As he leaned down to kiss her cheek, he whispered, “In another lifetime, I could have loved you.”

He pressed his forehead into hers. “I can’t believe you willingly gave yourself to me.” Ian paused as he watched Gia breathe. He knew she was going to live. “But you don’t want a man like me, sweet one. A man who can’t forget.” He pressed his lips to her cheek before walking out the door.

His choked up whisper followed him through the room, “I’m sorry.”

Ian hadn’t made it far before the events of the last few years broke him down. He found himself in the vending area sitting on the floor with his back up against the wall.

What in the hell was wrong with him? He couldn’t get Faith out of his mind. He had been out of his skull in love with her. He had been in the kind of love he didn’t think possible for a man like himself. Ian Fairchild had never been a paragon of virtue, but Faith had knocked him for a loop.

The more he thought about it, the more he realized that Faith had been the one to initially start the sexual advance. The memories wouldn’t stop haunting him. Her body. Her lips. Her – everything. But he wouldn’t let it control him again. He couldn’t afford to. He didn’t want a repeat performance of what had happened the first time. Julian had killed him.

They all thought Black had killed him, and in a way, they were right. Ian had died for all of twenty minutes. His heart stopped beating in the helicopter and he wasn’t revived until he reached the emergency room. According to the hospital staff, he was a medical miracle. Even the doctors who had saved him couldn’t believe he was alive.

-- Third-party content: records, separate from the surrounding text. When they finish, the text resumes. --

(* There is an absolute constant $C$ such that for all integers $n\ge1$ and $1\le d\le n$, every $r\in\{0,1,\dots,d-1\}$ and every $\alpha\in(0,1)$, $$\Big|\sum_{\substack{0\le l\le n\\ l\equiv r \ (\mathrm{mod}\ d)}}\binom nl\alpha^l(1-\alpha)^{n-l}-\frac1d\Big|\le \frac{C}{\sqrt{\alpha(1-\alpha)n}}.$$ *)

From Stdlib Require Import Reals Lra Lia Arith List.
Open Scope R_scope.

Definition binom_residue_sum (n d r : nat) (a : R) : R :=
  sum_f_R0 (fun l => if Nat.eqb (l mod d) r
                     then Binomial.C n l * a ^ l * (1 - a) ^ (n - l)
                     else 0) n.

(* Write p_l for the Binomial(n, alpha) probabilities and G(l) for the partial sums of
   [l ≡ r (mod d)] - 1/d, so that |G(l)| <= 1. Abel summation turns the discrepancy into
   sum_l G(l+1) (p_l - p_(l+1)), hence it is at most the total variation sum_l |p_l - p_(l+1)|.
   The ratio identity p_l - p_(l+1) = q_(l+1) (l+1 - N alpha) / (N alpha (1-alpha)), with q the
   Binomial(N, alpha) law and N = n+1, and the AM-GM bound |x| <= (x^2/s + s)/2 with
   s = sqrt (N alpha (1-alpha)) reduce the total variation to the variance of q, which gives
   the constant C = 1. *)
From Stdlib Require Import Reals Lra Lia Arith.
Open Scope R_scope.

Definition binom_pmf (a : R) (n k : nat) : R := C n k * a ^ k * (1 - a) ^ (n - k).

Lemma C_ge0 (n k : nat) : 0 <= C n k.
Proof.
  unfold C. apply Rmult_le_pos; [apply pos_INR|].
  apply Rlt_le, Rinv_0_lt_compat, Rmult_lt_0_compat;
    apply lt_0_INR, Factorial.lt_O_fact.
Qed.

Lemma binom_pmf_ge0 (a : R) (n k : nat) : 0 <= a <= 1 -> 0 <= binom_pmf a n k.
Proof.
  intros Ha. unfold binom_pmf.
  apply Rmult_le_pos; [apply Rmult_le_pos; [apply C_ge0|]|]; apply pow_le; lra.
Qed.

Lemma binom_pmf_sum (a : R) (n : nat) : sum_f_R0 (binom_pmf a n) n = 1.
Proof.
  unfold binom_pmf. rewrite <- binomial.
  replace (a + (1 - a)) with 1 by ring. apply pow1.
Qed.

Lemma binom_pmf_succ (a : R) (n k : nat) : (k <= n)%nat ->
  INR (S k) * binom_pmf a (S n) (S k) = INR (S n) * a * binom_pmf a n k.
Proof.
  intros Hk. unfold binom_pmf. replace (S n - S k)%nat with (n - k)%nat by lia.
  rewrite pascal_step3, pascal_step2 by lia.
  assert (INR (S n - k) <> 0) by (apply not_0_INR; lia).
  assert (INR (S k) <> 0) by (apply not_0_INR; lia).
  simpl pow. field. split; assumption.
Qed.

Lemma binom_pmf_mean (a : R) (n : nat) :
  sum_f_R0 (fun k => INR k * binom_pmf a n k) n = INR n * a.
Proof.
  destruct n as [|n]; [simpl; ring|].
  rewrite decomp_sum by lia. simpl pred.
  rewrite (sum_eq _ (fun k => binom_pmf a n k * (INR (S n) * a))).
  - rewrite <- scal_sum, binom_pmf_sum. simpl INR at 1. ring.
  - intros k Hk. rewrite binom_pmf_succ by lia. ring.
Qed.

Lemma binom_pmf_second_moment (a : R) (n : nat) :
  sum_f_R0 (fun k => INR k * INR k * binom_pmf a (S n) k) (S n)
  = INR (S n) * a * (INR n * a + 1).
Proof.
  rewrite decomp_sum by lia. simpl pred.
  rewrite (sum_eq _ (fun k => INR k * binom_pmf a n k * (INR (S n) * a)
                              + binom_pmf a n k * (INR (S n) * a))).
  - rewrite sum_plus, <- !scal_sum, binom_pmf_mean, binom_pmf_sum.
    simpl INR at 1. ring.
  - intros k Hk. rewrite Rmult_assoc, binom_pmf_succ by lia. rewrite S_INR. ring.
Qed.

Lemma binom_pmf_variance (a : R) (n : nat) :
  sum_f_R0 (fun k => binom_pmf a n k * (INR k - INR n * a) ^ 2) n
  = INR n * a * (1 - a).
Proof.
  destruct n as [|n]; [simpl; ring|].
  rewrite (sum_eq _ (fun k => INR k * INR k * binom_pmf a (S n) k
                              + INR k * binom_pmf a (S n) k * (-2 * INR (S n) * a)
                              + binom_pmf a (S n) k * (INR (S n) * a) ^ 2)).
  - rewrite !sum_plus, <- !scal_sum.
    rewrite binom_pmf_second_moment, binom_pmf_mean, binom_pmf_sum, S_INR. ring.
  - intros k _. ring.
Qed.

(* [C n k] does not vanish for [k > n] (the subtraction in [fact (n - k)] truncates),
   so the sequence is cut off explicitly beyond [n]. *)
Definition binom_pmf_ext (a : R) (n l : nat) : R :=
  if Nat.leb l n then binom_pmf a n l else 0.

Lemma binom_pmf_ext_succ (a : R) (n l : nat) : 0 < a < 1 -> (l <= n)%nat ->
  INR (S l) * (1 - a) * binom_pmf_ext a n (S l) = INR (n - l) * a * binom_pmf_ext a n l.
Proof.
  intros Ha Hl. unfold binom_pmf_ext.
  rewrite (proj2 (Nat.leb_le l n) Hl).
  destruct (Nat.eq_dec l n) as [->|Hne].
  - rewrite (proj2 (Nat.leb_gt (S n) n)) by lia. rewrite Nat.sub_diag. simpl. ring.
  - rewrite (proj2 (Nat.leb_le (S l) n)) by lia. unfold binom_pmf.
    rewrite pascal_step3 by lia. replace (n - l)%nat with (S (n - S l)) by lia.
    assert (INR (S l) <> 0) by (apply not_0_INR; lia).
    simpl pow. field. assumption.
Qed.

Lemma binom_pmf_ext_diff (a : R) (n l : nat) : 0 < a < 1 -> (l <= n)%nat ->
  binom_pmf_ext a n l - binom_pmf_ext a n (S l)
  = binom_pmf a (S n) (S l) * (INR (S l) - INR (S n) * a) / (INR (S n) * a * (1 - a)).
Proof.
  intros Ha Hl.
  assert (HSl : INR (S l) <> 0) by (apply not_0_INR; lia).
  assert (HSn : INR (S n) <> 0) by (apply not_0_INR; lia).
  assert (Hp : binom_pmf_ext a n l = binom_pmf a n l).
  { unfold binom_pmf_ext. now rewrite (proj2 (Nat.leb_le l n) Hl). }
  assert (Hnext : binom_pmf_ext a n (S l)
                  = INR (n - l) * a * binom_pmf a n l / (INR (S l) * (1 - a))).
  { rewrite <- Hp, <- binom_pmf_ext_succ by assumption. field. split; lra. }
  assert (Hup : binom_pmf a (S n) (S l) = INR (S n) * a * binom_pmf a n l / INR (S l)).
  { rewrite <- binom_pmf_succ by assumption. field. assumption. }
  rewrite Hnext, Hp, Hup, minus_INR, !S_INR by assumption.
  rewrite !S_INR in HSl, HSn. field. repeat split; lra.
Qed.

Lemma Rabs_le_am_gm (x s : R) : 0 < s -> Rabs x <= (x ^ 2 / s + s) / 2.
Proof.
  intros Hs. apply (Rmult_le_reg_l (2 * s)); [lra|].
  replace (2 * s * ((x ^ 2 / s + s) / 2)) with (x ^ 2 + s ^ 2) by (field; lra).
  pose proof (pow2_ge_0 (Rabs x - s)). rewrite <- (pow2_abs x). nra.
Qed.

Lemma binom_pmf_ext_total_variation (a : R) (n : nat) : 0 < a < 1 ->
  sum_f_R0 (fun l => Rabs (binom_pmf_ext a n l - binom_pmf_ext a n (S l))) n
  <= / sqrt (INR (S n) * a * (1 - a)).
Proof.
  intros Ha. set (V := INR (S n) * a * (1 - a)).
  assert (HV : 0 < V).
  { unfold V. pose proof (lt_0_INR (S n) ltac:(lia)).
    apply Rmult_lt_0_compat; [apply Rmult_lt_0_compat|]; lra. }
  set (s := sqrt V).
  assert (Hs : 0 < s) by (apply sqrt_lt_R0; assumption).
  assert (Hss : s * s = V) by (apply sqrt_sqrt; lra).
  set (f := fun k => binom_pmf a (S n) k * ((INR k - INR (S n) * a) ^ 2 / s + s) / (2 * V)).
  assert (Hf_ge0 : forall k, 0 <= f k).
  { intros k. unfold f. pose proof (binom_pmf_ge0 a (S n) k ltac:(lra)).
    assert (0 <= (INR k - INR (S n) * a) ^ 2 / s)
      by (apply Rmult_le_pos; [apply pow2_ge_0|apply Rlt_le, Rinv_0_lt_compat; lra]).
    apply Rmult_le_pos; [apply Rmult_le_pos; lra|apply Rlt_le, Rinv_0_lt_compat; lra]. }
  assert (Hf_sum : sum_f_R0 f (S n) = / s).
  { unfold f.
    rewrite (sum_eq _ (fun k => binom_pmf a (S n) k * (INR k - INR (S n) * a) ^ 2
                                  * / (2 * s * V)
                                + binom_pmf a (S n) k * (s / (2 * V)))).
    2:{ intros k _. field. split; lra. }
    rewrite sum_plus, <- !scal_sum, binom_pmf_variance, binom_pmf_sum. fold V.
    rewrite <- Hss. field. lra. }
  apply Rle_trans with (sum_f_R0 (fun l => f (S l)) n).
  - apply sum_Rle. intros l Hl.
    rewrite binom_pmf_ext_diff by assumption. fold V. unfold f.
    set (x := INR (S l) - INR (S n) * a). set (p := binom_pmf a (S n) (S l)).
    assert (Hp : 0 <= p) by (apply binom_pmf_ge0; lra).
    replace (p * ((x ^ 2 / s + s)) / (2 * V)) with (p * ((x ^ 2 / s + s) / 2) * / V)
      by (field; lra).
    unfold Rdiv. rewrite !Rabs_mult, Rabs_inv, (Rabs_right V), (Rabs_right p) by lra.
    apply Rmult_le_compat_r; [apply Rlt_le, Rinv_0_lt_compat; lra|].
    apply Rmult_le_compat_l; [assumption|]. apply Rabs_le_am_gm, Hs.
  - rewrite <- Hf_sum, (decomp_sum f (S n)) by lia. simpl pred.
    pose proof (Hf_ge0 0%nat). lra.
Qed.

Definition residue_indicator (d r l : nat) : R := if Nat.eqb (l mod d) r then 1 else 0.

Fixpoint residue_count (d r l : nat) : nat :=
  match l with
  | O => O
  | S l' => (residue_count d r l' + if Nat.eqb (l' mod d) r then 1 else 0)%nat
  end.

Fixpoint residue_discrepancy (d r l : nat) : R :=
  match l with
  | O => 0
  | S l' => residue_discrepancy d r l' + (residue_indicator d r l' - / INR d)
  end.

Lemma residue_count_bounds (d r l : nat) : (1 <= d)%nat -> (r < d)%nat ->
  (residue_count d r l * d <= l + d - 1 - r < (residue_count d r l + 1) * d)%nat.
Proof.
  intros Hd Hr. induction l as [|l IH]; simpl; [lia|].
  pose proof (Nat.div_mod_eq l d). pose proof (Nat.mod_upper_bound l d ltac:(lia)).
  set (q := (l / d)%nat) in *. set (c := residue_count d r l) in *.
  destruct (Nat.eqb_spec (l mod d) r) as [e|e]; set (m := (l mod d)%nat) in *.
  - assert (c = q) by nia. subst c. nia.
  - split; [lia|]. destruct (Nat.lt_trichotomy c q) as [h|[h|h]]; nia.
Qed.

Lemma residue_discrepancy_eq (d r l : nat) : (1 <= d)%nat ->
  residue_discrepancy d r l = INR (residue_count d r l) - INR l / INR d.
Proof.
  intros Hd. assert (INR d <> 0) by (apply not_0_INR; lia).
  induction l as [|l IH]; simpl residue_discrepancy; simpl residue_count.
  - simpl. field. assumption.
  - rewrite IH, plus_INR, S_INR. unfold residue_indicator.
    destruct (Nat.eqb (l mod d) r); simpl; field; assumption.
Qed.

Lemma residue_discrepancy_bound (d r l : nat) : (1 <= d)%nat -> (r < d)%nat ->
  Rabs (residue_discrepancy d r l) <= 1.
Proof.
  intros Hd Hr. rewrite residue_discrepancy_eq by assumption.
  destruct (residue_count_bounds d r l Hd Hr) as [Hlo Hhi].
  assert (Hlt1 : (residue_count d r l * d < l + d)%nat) by lia.
  assert (Hlt2 : (l < residue_count d r l * d + d)%nat) by nia.
  apply lt_INR in Hlt1, Hlt2. rewrite plus_INR, mult_INR in Hlt1, Hlt2.
  assert (0 < INR d) by (apply lt_0_INR; lia).
  apply Rabs_le. unfold Rdiv.
  split; apply (Rmult_le_reg_r (INR d)); try assumption;
    rewrite Rmult_minus_distr_r, Rmult_assoc, Rinv_l by lra; lra.
Qed.

Lemma sum_mul_residue_by_parts (d r : nat) (p : nat -> R) (m : nat) :
  sum_f_R0 (fun l => p l * (residue_indicator d r l - / INR d)) m
  = sum_f_R0 (fun l => residue_discrepancy d r (S l) * (p l - p (S l))) m
    + residue_discrepancy d r (S m) * p (S m).
Proof.
  induction m as [|m IH]; simpl sum_f_R0.
  - simpl. ring.
  - rewrite IH. simpl residue_discrepancy. ring.
Qed.

Lemma binom_residue_sum_sub_inv (n d r : nat) (a : R) :
  binom_residue_sum n d r a - / INR d
  = sum_f_R0 (fun l => binom_pmf_ext a n l * (residue_indicator d r l - / INR d)) n.
Proof.
  unfold binom_residue_sum.
  rewrite <- (Rmult_1_l (/ INR d)) at 1. rewrite <- (binom_pmf_sum a n) at 1.
  rewrite Rmult_comm, scal_sum, <- minus_sum. apply sum_eq. intros l Hl.
  unfold binom_pmf_ext, residue_indicator, binom_pmf.
  rewrite (proj2 (Nat.leb_le l n) Hl). destruct (Nat.eqb (l mod d) r); ring.
Qed.

Lemma binom_residue_sum_deviation (n d r : nat) (a : R) :
  (1 <= d)%nat -> (r < d)%nat -> 0 < a < 1 ->
  Rabs (binom_residue_sum n d r a - / INR d) <= / sqrt (INR (S n) * a * (1 - a)).
Proof.
  intros Hd Hr Ha.
  assert (Hend : binom_pmf_ext a n (S n) = 0).
  { unfold binom_pmf_ext. now rewrite (proj2 (Nat.leb_gt (S n) n)) by lia. }
  rewrite binom_residue_sum_sub_inv, sum_mul_residue_by_parts, Hend, Rmult_0_r, Rplus_0_r.
  eapply Rle_trans; [apply Rsum_abs|].
  eapply Rle_trans; [|apply binom_pmf_ext_total_variation, Ha].
  apply sum_Rle. intros l _. rewrite Rabs_mult.
  pose proof (residue_discrepancy_bound d r (S l) Hd Hr).
  pose proof (Rabs_pos (binom_pmf_ext a n l - binom_pmf_ext a n (S l))).
  nra.
Qed.

Theorem lemma1 :
  exists C : R,
    forall (n d r : nat) (alpha : R),
      (1 <= n)%nat -> (1 <= d)%nat -> (d <= n)%nat -> (r < d)%nat ->
      0 < alpha < 1 ->
      Rabs (binom_residue_sum n d r alpha - / INR d)
        <= C / sqrt (alpha * (1 - alpha) * INR n).
Proof.
  exists 1. intros n d r a Hn Hd _ Hr Ha.
  eapply Rle_trans; [apply binom_residue_sum_deviation; assumption|].
  assert (0 < INR n) by (apply lt_0_INR; lia).
  assert (0 < a * (1 - a) * INR n)
    by (apply Rmult_lt_0_compat; [apply Rmult_lt_0_compat|]; lra).
  unfold Rdiv. rewrite Rmult_1_l.
  apply Rinv_le_contravar; [apply sqrt_lt_R0; assumption|].
  apply sqrt_le_1_alt. rewrite S_INR. nra.
Qed.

Ian had been given a second chance.

Sometimes he wondered why this was happening to him. Maybe he had been better off dead, or in the three year coma doctors had initiated. Both were preferable to the living hell he was enduring now. If he was at least dead, the pain wouldn’t be so all consuming, so fiercely pounding in his chest. It was the pain of losing her that clutched his heart.

In that instant, Ian Fairchild made a rash decision.

He had to get away. Get away from London and the Legacy – and Faith. He couldn’t take the pain any more.